[Available records — start]

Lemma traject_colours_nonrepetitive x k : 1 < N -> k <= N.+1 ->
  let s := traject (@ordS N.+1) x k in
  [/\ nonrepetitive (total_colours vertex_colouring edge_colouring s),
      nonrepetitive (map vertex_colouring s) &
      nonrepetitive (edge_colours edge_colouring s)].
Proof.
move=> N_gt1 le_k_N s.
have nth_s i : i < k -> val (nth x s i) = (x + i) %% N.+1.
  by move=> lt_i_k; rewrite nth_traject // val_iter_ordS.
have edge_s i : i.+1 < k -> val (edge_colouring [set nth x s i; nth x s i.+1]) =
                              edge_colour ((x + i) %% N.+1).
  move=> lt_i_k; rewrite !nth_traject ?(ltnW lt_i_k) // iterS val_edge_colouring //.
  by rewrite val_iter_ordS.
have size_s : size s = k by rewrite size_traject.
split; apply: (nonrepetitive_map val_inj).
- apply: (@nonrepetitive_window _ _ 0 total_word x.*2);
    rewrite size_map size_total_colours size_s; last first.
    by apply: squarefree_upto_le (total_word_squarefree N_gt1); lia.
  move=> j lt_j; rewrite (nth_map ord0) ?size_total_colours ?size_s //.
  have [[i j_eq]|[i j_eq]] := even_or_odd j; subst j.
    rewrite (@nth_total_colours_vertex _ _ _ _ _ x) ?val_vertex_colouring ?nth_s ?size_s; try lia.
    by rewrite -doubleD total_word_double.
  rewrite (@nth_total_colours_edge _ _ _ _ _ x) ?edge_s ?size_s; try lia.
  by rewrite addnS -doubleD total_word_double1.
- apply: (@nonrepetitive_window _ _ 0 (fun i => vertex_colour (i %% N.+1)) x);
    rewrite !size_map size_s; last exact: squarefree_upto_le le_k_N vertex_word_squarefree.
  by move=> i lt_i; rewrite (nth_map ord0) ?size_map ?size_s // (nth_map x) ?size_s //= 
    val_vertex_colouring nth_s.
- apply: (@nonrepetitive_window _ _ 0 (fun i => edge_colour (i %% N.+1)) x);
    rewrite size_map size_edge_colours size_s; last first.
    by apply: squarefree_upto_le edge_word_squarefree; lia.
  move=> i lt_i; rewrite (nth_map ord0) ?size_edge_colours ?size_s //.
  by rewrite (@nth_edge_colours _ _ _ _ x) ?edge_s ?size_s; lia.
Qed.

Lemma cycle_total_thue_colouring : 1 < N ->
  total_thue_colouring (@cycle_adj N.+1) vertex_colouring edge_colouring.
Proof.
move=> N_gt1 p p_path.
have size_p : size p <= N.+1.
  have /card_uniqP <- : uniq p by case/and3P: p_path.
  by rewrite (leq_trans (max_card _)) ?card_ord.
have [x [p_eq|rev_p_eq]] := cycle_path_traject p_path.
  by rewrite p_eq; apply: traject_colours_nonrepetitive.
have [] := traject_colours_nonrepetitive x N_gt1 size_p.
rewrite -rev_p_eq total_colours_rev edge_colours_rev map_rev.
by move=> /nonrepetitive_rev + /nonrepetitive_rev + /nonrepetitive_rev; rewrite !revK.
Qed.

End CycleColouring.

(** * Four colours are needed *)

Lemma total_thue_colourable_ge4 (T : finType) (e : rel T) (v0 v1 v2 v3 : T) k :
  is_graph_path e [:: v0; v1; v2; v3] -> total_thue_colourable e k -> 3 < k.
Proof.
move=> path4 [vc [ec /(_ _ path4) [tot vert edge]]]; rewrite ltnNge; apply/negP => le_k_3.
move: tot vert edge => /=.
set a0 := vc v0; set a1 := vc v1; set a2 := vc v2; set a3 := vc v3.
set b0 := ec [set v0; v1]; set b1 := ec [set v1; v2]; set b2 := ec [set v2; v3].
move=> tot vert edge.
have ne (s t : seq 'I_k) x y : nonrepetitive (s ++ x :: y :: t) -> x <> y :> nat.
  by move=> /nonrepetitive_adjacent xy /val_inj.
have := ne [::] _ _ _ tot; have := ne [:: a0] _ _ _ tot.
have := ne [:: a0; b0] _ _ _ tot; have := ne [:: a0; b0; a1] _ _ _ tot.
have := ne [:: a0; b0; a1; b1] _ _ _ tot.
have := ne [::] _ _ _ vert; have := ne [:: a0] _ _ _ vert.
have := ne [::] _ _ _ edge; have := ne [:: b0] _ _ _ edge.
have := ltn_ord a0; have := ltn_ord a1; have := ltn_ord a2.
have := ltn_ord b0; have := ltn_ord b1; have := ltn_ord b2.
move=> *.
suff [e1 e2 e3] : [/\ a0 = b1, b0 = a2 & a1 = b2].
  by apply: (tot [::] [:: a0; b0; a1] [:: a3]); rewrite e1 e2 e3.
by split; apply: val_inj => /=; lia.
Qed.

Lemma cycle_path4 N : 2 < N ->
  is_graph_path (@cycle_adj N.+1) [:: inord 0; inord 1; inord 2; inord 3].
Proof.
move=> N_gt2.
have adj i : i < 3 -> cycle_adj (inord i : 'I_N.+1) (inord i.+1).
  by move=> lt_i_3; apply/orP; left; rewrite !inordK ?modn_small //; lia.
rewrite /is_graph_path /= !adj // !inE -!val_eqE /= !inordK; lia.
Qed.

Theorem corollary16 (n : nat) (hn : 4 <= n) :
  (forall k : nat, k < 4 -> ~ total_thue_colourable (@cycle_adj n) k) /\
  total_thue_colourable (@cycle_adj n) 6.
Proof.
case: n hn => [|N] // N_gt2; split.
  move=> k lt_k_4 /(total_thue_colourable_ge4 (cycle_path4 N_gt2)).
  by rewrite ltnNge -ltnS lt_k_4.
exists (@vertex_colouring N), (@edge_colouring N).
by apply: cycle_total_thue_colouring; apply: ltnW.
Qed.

[Available records — finish]

Task prompt:
Please reproduce, word for word, every line from the line with "move=> k lt_k_4" to the final line above, including both ends.

Exercise response:
  move=> k lt_k_4 /(total_thue_colourable_ge4 (cycle_path4 N_gt2)).
  by rewrite ltnNge -ltnS lt_k_4.
exists (@vertex_colouring N), (@edge_colouring N).
by apply: cycle_total_thue_colouring; apply: ltnW.
Qed.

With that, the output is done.